[Saved data entries]
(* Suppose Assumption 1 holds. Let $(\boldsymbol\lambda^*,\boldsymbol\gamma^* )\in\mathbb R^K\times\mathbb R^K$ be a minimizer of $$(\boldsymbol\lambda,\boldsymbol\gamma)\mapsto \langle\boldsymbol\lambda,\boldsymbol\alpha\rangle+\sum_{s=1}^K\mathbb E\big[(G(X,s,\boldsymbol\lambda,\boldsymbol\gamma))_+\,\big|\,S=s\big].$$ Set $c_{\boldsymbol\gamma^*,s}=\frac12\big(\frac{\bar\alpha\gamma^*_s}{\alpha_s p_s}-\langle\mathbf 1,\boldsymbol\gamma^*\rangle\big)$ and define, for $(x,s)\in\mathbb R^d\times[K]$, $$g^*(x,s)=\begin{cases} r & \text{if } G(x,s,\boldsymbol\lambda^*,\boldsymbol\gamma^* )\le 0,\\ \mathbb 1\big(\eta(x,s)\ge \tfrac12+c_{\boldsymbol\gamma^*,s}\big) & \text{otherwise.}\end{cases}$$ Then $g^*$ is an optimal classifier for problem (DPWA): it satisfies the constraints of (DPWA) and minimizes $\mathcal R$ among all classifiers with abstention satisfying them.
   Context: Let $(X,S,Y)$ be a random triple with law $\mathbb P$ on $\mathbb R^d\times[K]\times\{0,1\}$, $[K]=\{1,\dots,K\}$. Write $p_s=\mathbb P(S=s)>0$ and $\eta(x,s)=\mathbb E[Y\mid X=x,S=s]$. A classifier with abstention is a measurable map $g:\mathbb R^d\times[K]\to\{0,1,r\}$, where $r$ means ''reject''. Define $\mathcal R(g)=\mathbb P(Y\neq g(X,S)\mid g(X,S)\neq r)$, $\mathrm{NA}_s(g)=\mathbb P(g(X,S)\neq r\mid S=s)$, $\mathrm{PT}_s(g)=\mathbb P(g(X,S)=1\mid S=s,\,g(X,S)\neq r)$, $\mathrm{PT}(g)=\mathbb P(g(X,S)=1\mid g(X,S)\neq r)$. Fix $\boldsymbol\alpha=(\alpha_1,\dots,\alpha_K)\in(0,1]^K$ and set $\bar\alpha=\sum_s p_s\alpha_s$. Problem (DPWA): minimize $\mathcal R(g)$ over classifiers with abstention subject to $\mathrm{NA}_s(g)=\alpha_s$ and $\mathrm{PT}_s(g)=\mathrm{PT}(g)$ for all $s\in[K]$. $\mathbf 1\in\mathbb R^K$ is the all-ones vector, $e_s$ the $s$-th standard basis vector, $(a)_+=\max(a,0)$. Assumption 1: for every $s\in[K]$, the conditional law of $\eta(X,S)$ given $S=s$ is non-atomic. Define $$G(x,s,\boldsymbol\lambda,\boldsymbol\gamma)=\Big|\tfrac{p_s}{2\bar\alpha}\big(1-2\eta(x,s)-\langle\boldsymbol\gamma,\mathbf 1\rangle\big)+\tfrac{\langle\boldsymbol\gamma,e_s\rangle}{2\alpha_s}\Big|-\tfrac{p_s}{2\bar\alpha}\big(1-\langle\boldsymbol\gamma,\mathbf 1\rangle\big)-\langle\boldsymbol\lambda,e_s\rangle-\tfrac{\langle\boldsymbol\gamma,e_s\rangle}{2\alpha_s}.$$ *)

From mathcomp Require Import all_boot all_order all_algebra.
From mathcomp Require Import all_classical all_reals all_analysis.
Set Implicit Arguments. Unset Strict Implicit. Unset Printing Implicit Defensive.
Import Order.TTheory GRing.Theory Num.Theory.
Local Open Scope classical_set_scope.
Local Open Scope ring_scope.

REQUIREMENT | This exercise asks for an exact repeat of the lines from the one holding "From mathcomp Require Import all_boot" through the end of the data above.

OUTPUT BELOW |
From mathcomp Require Import all_boot all_order all_algebra.
From mathcomp Require Import all_classical all_reals all_analysis.
Set Implicit Arguments. Unset Strict Implicit. Unset Printing Implicit Defensive.
Import Order.TTheory GRing.Theory Num.Theory.
Local Open Scope classical_set_scope.
Local Open Scope ring_scope.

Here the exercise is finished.